• YOUR GOAL
From the records below, extract only the lines running from the line with "by apply: abs_pseries_le_mono" to the line with "by apply: ler_wiXn2l;", both lines included, reproducing them exactly.

+===+

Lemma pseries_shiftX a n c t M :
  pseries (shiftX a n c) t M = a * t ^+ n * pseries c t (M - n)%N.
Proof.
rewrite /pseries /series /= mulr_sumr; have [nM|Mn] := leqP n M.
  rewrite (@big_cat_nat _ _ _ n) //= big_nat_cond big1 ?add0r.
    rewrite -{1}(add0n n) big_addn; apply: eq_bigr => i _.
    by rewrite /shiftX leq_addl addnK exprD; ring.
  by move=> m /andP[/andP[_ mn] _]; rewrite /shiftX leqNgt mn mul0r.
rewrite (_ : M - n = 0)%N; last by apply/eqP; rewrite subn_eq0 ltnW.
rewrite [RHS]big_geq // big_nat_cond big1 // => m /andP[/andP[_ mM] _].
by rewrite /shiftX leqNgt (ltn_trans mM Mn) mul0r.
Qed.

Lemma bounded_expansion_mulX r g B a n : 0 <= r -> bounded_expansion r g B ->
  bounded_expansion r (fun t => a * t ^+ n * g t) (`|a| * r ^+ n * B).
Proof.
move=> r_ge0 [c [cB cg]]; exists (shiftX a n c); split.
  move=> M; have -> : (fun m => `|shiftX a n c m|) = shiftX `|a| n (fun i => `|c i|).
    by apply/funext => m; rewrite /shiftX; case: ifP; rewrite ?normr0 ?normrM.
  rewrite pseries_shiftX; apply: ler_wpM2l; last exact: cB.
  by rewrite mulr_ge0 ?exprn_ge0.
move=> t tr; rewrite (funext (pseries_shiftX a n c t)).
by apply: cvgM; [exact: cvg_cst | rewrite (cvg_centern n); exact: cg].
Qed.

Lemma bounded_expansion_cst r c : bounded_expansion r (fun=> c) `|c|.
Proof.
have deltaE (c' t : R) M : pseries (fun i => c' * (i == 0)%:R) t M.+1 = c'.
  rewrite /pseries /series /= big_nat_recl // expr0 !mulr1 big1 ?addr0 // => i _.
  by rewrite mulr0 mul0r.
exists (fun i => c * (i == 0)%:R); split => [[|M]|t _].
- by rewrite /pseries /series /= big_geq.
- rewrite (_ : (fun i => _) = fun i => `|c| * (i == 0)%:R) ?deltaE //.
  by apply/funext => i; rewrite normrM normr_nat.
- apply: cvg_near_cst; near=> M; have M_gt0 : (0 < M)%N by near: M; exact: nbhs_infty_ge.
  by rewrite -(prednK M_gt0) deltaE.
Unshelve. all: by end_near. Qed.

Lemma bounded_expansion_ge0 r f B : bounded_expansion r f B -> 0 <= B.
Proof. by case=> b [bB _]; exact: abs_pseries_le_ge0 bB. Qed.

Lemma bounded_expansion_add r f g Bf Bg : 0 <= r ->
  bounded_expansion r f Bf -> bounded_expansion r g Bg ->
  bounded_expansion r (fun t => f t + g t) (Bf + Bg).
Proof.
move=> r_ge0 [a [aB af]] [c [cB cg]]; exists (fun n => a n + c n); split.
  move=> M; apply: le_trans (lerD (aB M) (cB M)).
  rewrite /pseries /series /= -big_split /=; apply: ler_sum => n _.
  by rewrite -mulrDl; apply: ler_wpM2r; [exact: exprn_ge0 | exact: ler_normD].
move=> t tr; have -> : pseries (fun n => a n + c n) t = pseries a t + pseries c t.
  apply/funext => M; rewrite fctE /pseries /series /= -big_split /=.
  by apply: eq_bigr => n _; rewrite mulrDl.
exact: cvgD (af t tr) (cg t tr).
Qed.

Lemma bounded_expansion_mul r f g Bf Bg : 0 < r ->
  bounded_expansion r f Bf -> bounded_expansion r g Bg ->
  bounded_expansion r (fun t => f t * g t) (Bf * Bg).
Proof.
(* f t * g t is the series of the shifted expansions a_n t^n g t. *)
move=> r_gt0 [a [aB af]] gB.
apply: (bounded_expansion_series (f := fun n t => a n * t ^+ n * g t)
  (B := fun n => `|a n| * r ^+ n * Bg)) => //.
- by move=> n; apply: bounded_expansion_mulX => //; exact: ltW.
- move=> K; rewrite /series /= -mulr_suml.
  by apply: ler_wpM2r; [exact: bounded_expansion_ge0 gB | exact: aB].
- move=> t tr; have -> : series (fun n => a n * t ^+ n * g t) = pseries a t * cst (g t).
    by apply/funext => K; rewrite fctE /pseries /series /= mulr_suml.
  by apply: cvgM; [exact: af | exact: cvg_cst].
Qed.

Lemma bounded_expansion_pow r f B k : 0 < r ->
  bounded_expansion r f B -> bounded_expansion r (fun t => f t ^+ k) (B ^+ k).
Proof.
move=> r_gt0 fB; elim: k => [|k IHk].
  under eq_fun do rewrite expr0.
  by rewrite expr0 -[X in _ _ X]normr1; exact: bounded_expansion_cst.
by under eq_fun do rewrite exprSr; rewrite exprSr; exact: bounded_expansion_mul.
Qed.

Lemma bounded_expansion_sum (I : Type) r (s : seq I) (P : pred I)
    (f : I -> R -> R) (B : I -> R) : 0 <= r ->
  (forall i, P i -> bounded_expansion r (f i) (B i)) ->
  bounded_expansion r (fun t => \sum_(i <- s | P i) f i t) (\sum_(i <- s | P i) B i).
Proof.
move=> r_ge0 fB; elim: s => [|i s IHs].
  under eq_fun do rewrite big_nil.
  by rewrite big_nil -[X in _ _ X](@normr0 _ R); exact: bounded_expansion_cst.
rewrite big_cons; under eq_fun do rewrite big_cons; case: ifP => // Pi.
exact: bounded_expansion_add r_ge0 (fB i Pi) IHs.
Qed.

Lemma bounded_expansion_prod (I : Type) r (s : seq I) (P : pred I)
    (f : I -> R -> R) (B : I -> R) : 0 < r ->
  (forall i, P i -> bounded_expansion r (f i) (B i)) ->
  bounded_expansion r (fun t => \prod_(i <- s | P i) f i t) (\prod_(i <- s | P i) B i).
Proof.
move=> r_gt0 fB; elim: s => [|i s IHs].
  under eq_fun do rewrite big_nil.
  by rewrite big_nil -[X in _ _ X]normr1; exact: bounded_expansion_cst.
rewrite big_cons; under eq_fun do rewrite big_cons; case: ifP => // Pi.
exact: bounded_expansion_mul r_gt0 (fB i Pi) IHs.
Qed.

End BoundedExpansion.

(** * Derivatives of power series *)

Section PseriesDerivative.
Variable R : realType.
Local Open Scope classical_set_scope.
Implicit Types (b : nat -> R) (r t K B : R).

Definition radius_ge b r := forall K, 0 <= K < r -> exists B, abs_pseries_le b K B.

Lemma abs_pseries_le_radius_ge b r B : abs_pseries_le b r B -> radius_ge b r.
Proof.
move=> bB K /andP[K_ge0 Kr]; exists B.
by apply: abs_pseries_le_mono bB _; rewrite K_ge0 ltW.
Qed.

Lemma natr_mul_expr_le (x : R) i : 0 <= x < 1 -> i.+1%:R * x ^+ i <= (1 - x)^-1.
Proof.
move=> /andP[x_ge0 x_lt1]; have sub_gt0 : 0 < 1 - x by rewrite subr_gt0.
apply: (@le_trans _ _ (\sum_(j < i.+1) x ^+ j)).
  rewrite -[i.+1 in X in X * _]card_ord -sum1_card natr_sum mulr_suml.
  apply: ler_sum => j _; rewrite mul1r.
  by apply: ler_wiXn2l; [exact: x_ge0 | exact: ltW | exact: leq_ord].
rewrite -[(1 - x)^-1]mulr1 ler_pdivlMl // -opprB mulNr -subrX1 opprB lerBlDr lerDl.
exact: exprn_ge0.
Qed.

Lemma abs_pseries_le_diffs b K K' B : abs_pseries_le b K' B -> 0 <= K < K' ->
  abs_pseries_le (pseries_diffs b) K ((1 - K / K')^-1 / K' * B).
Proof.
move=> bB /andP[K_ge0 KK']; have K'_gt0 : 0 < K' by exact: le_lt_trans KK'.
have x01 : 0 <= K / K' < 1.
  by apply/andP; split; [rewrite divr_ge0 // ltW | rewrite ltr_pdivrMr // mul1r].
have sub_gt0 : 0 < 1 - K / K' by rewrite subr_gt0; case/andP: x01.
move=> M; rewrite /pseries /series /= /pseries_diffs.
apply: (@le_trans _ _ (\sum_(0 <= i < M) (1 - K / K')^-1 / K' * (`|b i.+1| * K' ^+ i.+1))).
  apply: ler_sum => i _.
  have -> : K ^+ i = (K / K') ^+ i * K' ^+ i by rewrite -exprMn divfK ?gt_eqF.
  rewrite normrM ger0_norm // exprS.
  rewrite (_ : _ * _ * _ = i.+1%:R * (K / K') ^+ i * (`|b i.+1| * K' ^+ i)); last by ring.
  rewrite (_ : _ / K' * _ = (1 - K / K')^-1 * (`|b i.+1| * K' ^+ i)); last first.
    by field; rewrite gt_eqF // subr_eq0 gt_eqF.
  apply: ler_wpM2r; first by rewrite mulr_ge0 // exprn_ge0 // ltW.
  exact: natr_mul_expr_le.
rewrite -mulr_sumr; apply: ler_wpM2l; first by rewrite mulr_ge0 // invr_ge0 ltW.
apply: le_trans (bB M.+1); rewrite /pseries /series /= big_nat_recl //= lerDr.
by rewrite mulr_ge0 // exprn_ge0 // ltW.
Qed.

+===+

• EXERCISE RESPONSE
by apply: abs_pseries_le_mono bB _; rewrite K_ge0 ltW.
Qed.

Lemma natr_mul_expr_le (x : R) i : 0 <= x < 1 -> i.+1%:R * x ^+ i <= (1 - x)^-1.
Proof.
move=> /andP[x_ge0 x_lt1]; have sub_gt0 : 0 < 1 - x by rewrite subr_gt0.
apply: (@le_trans _ _ (\sum_(j < i.+1) x ^+ j)).
  rewrite -[i.+1 in X in X * _]card_ord -sum1_card natr_sum mulr_suml.
  apply: ler_sum => j _; rewrite mul1r.
  by apply: ler_wiXn2l; [exact: x_ge0 | exact: ltW | exact: leq_ord].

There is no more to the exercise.